Start of Data provided

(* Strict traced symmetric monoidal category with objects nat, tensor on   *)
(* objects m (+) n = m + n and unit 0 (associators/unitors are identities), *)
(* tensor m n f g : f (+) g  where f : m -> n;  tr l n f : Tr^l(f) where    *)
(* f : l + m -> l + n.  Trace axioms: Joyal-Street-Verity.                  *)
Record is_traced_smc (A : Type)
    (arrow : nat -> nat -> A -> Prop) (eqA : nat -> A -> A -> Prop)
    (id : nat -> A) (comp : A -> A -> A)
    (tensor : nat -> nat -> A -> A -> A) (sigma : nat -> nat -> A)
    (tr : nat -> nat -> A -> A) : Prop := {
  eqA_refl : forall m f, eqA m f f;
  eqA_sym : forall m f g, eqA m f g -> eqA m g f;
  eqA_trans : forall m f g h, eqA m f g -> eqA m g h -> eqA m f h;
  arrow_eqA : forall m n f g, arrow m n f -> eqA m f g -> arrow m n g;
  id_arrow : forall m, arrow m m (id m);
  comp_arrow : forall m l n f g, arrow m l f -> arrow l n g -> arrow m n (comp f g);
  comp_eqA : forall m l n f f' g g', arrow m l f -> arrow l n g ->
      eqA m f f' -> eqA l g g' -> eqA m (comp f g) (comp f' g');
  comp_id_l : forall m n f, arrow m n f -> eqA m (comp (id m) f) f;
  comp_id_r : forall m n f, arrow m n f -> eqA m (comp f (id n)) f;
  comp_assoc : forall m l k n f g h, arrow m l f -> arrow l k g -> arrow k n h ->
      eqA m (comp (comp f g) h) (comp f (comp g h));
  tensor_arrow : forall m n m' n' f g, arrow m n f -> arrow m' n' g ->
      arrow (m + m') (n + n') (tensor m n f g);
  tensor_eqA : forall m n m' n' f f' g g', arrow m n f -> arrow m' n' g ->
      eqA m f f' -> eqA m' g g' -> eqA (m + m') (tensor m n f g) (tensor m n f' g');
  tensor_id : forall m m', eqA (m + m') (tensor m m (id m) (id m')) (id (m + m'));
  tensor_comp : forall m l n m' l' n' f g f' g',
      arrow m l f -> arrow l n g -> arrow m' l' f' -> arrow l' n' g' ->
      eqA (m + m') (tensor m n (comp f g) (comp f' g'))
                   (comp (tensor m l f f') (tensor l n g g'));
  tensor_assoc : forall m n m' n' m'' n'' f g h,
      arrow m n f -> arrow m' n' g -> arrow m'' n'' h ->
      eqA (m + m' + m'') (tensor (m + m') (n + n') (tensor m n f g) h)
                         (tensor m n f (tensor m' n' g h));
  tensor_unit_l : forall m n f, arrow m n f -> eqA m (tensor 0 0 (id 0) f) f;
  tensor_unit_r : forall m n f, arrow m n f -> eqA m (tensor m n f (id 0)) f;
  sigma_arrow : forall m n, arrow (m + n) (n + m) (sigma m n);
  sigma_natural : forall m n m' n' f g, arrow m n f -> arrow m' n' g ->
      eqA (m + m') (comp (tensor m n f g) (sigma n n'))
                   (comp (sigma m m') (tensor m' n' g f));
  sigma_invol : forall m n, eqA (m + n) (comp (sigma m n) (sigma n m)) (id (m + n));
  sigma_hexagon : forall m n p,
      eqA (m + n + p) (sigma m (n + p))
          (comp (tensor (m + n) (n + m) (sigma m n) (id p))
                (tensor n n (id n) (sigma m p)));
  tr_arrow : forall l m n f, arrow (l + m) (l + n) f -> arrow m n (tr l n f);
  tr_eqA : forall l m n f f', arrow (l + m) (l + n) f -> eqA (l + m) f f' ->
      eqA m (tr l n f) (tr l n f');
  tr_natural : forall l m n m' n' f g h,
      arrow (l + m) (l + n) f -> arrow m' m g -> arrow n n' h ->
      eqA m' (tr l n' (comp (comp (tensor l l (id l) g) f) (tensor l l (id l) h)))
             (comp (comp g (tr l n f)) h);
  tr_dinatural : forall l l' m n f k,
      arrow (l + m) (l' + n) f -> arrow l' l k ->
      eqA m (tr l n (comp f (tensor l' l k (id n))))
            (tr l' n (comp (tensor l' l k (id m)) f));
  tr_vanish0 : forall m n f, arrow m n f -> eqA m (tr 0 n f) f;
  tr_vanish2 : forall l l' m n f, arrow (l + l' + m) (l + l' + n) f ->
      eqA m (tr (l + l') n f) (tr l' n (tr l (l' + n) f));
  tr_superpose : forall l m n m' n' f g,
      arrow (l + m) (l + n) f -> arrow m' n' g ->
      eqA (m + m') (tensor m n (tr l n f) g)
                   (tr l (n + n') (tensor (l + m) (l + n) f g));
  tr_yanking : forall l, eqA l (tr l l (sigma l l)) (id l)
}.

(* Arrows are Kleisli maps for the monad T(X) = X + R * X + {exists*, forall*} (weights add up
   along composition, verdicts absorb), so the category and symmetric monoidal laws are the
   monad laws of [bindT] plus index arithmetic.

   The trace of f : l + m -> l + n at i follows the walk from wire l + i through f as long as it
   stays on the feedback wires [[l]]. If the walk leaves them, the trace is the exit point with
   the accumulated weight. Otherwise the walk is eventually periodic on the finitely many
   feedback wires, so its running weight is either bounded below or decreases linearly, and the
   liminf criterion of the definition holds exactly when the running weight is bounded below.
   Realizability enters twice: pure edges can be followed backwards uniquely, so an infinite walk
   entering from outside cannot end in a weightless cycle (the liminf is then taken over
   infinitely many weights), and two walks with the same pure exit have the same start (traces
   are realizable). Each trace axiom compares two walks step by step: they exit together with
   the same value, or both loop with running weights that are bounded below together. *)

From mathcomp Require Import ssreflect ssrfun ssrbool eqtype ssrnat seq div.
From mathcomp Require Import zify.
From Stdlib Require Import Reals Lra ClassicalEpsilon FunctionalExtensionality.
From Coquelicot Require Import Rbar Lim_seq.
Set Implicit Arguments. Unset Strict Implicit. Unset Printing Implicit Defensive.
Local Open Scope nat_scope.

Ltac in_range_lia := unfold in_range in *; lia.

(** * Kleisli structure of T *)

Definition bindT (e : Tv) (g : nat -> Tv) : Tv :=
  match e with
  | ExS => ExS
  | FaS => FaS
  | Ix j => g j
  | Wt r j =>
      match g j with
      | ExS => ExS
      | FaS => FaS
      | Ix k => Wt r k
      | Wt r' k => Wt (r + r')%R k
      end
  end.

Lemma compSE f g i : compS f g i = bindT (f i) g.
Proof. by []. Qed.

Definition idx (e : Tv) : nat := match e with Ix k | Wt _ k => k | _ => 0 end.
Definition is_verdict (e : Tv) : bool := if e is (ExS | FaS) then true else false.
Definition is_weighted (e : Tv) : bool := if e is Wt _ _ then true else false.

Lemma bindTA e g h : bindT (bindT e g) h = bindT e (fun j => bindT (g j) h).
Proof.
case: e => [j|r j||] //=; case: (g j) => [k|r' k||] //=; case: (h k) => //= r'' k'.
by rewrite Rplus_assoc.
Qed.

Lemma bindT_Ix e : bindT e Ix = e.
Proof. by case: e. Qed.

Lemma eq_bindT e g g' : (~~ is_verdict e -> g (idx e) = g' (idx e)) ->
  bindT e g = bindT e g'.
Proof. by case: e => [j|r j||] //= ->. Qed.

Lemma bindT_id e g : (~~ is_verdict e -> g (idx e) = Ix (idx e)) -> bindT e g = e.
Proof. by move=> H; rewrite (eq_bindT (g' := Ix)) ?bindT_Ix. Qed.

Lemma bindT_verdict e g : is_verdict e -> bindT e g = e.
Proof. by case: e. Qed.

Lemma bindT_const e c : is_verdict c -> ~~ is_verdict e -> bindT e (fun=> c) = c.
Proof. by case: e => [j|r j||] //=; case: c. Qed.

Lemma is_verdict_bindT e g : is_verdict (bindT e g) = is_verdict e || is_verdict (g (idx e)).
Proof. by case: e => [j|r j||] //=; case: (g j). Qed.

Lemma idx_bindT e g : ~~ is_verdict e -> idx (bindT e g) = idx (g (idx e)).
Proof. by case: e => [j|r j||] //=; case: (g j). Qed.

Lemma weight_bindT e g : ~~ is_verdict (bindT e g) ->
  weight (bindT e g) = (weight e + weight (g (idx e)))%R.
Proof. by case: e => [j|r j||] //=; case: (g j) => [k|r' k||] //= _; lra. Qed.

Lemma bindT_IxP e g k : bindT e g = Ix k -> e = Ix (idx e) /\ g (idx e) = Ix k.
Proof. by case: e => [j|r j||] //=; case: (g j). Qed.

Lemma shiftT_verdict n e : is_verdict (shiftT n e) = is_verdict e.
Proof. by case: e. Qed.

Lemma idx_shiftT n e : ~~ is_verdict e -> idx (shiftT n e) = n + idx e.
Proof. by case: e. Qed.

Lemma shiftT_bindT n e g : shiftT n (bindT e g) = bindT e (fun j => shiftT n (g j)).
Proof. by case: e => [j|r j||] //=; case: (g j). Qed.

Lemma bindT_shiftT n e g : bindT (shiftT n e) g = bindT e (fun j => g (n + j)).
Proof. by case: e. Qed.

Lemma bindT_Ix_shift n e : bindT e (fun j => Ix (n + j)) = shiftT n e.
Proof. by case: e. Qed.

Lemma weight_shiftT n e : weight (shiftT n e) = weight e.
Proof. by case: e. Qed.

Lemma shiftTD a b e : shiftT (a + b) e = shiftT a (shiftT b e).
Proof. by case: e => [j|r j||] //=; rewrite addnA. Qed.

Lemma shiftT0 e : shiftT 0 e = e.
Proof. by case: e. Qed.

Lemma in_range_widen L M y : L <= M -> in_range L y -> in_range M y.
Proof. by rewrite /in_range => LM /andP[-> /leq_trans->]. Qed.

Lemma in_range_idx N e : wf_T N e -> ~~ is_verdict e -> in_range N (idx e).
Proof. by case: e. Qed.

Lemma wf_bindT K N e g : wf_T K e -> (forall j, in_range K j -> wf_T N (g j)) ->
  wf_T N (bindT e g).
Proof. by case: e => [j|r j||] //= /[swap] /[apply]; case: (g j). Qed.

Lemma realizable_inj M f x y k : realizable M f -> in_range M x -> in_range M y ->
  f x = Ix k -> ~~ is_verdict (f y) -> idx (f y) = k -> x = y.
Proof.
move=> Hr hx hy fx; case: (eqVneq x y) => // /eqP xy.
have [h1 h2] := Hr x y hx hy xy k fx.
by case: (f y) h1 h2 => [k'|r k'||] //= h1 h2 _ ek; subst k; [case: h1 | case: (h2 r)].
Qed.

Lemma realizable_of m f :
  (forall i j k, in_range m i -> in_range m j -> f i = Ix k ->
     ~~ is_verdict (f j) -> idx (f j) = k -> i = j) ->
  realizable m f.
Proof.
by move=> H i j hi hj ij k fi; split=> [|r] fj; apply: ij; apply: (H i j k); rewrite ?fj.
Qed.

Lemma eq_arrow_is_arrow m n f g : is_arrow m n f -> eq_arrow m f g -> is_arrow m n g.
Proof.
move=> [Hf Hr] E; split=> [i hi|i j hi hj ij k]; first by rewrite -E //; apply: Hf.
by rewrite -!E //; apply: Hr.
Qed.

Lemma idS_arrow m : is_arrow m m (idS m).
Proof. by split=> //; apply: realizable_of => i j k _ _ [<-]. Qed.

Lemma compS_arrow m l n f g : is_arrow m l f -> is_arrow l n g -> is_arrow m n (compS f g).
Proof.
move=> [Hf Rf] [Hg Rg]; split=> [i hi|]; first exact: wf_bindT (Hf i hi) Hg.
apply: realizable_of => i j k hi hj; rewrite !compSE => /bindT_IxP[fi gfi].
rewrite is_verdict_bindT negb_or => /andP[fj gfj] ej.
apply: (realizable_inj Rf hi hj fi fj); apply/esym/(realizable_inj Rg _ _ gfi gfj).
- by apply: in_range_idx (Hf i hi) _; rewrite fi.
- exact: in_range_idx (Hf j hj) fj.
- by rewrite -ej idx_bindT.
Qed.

End of Data provided
Start of Data provided

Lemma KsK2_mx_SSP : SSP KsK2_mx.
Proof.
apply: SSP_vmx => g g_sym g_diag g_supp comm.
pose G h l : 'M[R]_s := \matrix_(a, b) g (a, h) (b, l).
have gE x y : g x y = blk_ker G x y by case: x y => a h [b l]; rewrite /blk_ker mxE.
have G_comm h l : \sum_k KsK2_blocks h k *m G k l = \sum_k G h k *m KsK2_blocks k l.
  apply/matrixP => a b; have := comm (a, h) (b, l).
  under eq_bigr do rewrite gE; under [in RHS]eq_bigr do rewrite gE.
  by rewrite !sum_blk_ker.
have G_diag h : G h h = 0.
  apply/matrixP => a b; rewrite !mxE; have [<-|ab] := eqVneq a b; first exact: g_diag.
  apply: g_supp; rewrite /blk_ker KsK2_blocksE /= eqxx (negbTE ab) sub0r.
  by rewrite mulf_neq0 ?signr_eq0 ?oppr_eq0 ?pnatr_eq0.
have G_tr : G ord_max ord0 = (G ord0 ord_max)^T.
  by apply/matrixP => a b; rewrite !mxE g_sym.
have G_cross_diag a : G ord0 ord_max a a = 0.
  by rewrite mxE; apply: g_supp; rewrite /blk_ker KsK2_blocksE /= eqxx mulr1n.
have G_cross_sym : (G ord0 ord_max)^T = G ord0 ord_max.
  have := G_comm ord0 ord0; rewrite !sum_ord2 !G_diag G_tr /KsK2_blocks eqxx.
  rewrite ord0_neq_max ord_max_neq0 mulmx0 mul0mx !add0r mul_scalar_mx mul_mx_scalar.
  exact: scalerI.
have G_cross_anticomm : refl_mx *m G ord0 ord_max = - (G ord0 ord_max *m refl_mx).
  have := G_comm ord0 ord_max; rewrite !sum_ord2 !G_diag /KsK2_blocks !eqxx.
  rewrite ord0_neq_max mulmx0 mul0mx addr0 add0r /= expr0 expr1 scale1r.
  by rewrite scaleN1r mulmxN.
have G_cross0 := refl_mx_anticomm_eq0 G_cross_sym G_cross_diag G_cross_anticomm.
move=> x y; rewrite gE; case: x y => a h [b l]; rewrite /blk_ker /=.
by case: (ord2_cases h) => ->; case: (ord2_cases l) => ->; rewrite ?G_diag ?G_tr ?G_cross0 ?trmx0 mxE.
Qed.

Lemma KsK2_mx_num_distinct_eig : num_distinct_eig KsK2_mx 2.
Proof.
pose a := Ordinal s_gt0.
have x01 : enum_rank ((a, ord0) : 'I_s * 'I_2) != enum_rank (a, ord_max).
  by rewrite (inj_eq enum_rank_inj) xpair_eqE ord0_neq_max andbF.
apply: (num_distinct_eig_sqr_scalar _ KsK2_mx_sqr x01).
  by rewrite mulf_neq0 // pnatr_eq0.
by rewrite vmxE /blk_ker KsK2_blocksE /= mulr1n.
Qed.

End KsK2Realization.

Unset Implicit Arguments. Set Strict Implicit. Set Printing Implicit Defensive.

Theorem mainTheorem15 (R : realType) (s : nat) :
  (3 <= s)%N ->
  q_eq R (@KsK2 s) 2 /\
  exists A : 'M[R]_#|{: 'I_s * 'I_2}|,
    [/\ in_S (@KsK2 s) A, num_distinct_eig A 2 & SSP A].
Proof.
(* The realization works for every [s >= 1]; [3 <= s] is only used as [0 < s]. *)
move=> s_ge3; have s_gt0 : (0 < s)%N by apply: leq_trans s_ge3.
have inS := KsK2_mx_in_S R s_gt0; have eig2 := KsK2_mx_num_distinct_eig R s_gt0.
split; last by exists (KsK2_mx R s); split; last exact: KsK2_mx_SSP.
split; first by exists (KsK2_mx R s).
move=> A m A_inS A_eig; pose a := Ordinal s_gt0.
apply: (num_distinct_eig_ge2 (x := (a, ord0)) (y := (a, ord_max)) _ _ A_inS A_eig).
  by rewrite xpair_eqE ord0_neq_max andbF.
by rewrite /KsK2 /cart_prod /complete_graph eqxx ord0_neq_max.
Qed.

End of Data provided
Start of Data provided

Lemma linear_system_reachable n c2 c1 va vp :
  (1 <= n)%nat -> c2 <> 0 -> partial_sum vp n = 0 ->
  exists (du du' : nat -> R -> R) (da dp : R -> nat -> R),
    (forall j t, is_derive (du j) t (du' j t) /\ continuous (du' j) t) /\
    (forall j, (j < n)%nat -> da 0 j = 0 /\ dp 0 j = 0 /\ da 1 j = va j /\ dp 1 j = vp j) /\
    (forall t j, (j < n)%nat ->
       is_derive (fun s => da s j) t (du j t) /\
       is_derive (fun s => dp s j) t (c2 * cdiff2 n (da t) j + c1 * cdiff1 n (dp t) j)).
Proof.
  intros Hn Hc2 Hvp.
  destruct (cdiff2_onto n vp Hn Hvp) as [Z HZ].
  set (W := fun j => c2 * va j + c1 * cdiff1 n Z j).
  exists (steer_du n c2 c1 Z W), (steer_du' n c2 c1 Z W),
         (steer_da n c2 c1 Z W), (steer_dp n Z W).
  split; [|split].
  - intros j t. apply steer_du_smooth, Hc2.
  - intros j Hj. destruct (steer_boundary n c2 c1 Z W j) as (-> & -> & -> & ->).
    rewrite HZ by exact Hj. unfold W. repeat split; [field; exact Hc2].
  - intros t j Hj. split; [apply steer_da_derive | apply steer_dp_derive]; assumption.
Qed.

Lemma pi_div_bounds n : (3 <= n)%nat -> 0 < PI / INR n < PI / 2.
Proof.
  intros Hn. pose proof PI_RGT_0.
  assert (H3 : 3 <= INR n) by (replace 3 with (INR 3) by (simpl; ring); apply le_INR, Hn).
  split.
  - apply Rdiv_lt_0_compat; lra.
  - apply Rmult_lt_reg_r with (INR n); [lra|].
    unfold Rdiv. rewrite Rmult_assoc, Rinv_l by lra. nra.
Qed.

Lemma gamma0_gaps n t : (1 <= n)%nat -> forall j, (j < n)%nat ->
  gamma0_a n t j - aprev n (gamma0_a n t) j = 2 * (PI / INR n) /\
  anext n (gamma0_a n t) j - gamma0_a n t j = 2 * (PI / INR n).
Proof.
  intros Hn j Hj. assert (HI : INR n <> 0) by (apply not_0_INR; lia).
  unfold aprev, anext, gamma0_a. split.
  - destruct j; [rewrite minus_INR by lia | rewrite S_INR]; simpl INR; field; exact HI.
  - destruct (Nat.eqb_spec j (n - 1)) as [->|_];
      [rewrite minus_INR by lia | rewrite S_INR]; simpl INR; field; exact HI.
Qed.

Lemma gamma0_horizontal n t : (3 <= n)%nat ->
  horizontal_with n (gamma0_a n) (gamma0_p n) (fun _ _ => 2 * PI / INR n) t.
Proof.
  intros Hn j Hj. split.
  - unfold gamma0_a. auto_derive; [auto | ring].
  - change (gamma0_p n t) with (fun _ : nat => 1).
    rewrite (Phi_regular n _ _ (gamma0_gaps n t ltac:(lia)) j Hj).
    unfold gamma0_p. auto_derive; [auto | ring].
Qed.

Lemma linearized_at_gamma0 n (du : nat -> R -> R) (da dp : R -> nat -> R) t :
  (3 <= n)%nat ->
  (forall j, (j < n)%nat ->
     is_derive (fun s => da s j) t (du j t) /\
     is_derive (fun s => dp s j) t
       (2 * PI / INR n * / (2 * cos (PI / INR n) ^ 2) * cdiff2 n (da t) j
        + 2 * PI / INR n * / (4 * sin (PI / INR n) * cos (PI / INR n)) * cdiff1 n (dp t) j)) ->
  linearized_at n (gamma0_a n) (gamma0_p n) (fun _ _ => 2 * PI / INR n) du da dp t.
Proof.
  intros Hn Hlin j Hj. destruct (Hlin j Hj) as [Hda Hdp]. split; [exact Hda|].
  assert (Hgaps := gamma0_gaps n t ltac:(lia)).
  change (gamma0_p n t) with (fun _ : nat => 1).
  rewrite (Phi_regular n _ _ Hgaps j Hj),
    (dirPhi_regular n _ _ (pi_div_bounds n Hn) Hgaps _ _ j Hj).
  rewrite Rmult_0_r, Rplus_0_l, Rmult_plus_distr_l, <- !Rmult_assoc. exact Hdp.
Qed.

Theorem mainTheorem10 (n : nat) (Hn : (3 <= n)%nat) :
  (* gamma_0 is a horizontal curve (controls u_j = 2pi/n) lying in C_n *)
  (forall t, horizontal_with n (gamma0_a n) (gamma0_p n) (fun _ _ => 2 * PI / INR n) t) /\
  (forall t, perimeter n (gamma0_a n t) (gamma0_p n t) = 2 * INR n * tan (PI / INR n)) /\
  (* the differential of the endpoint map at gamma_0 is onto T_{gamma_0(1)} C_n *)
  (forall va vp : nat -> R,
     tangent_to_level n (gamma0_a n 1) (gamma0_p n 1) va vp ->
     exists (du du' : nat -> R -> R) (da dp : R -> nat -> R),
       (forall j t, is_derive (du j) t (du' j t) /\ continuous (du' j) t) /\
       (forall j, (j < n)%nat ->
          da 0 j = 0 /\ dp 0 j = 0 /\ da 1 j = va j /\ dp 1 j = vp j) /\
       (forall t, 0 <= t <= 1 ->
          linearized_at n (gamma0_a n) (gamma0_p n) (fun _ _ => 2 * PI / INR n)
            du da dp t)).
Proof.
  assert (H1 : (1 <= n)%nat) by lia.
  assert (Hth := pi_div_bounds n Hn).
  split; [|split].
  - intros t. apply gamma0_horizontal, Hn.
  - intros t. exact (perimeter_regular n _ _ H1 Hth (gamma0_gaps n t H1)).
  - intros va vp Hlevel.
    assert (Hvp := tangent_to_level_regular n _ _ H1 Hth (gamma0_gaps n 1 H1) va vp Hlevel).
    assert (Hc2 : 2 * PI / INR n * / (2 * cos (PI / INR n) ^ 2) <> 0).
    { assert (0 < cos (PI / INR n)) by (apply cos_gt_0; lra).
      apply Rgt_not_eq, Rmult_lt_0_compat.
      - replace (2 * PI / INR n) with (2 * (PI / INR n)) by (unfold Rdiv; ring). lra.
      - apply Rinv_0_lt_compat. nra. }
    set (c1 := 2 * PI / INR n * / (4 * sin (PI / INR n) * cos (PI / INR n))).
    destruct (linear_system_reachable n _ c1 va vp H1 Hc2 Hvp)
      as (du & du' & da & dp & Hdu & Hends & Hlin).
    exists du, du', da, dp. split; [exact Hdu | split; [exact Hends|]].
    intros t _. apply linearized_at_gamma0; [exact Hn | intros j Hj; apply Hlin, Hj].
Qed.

End of Data provided

▸ **Work to be completed**: Please say how many lines in the records contain the word "eqVneq", and give only that number.

▸ **Finished task**: 2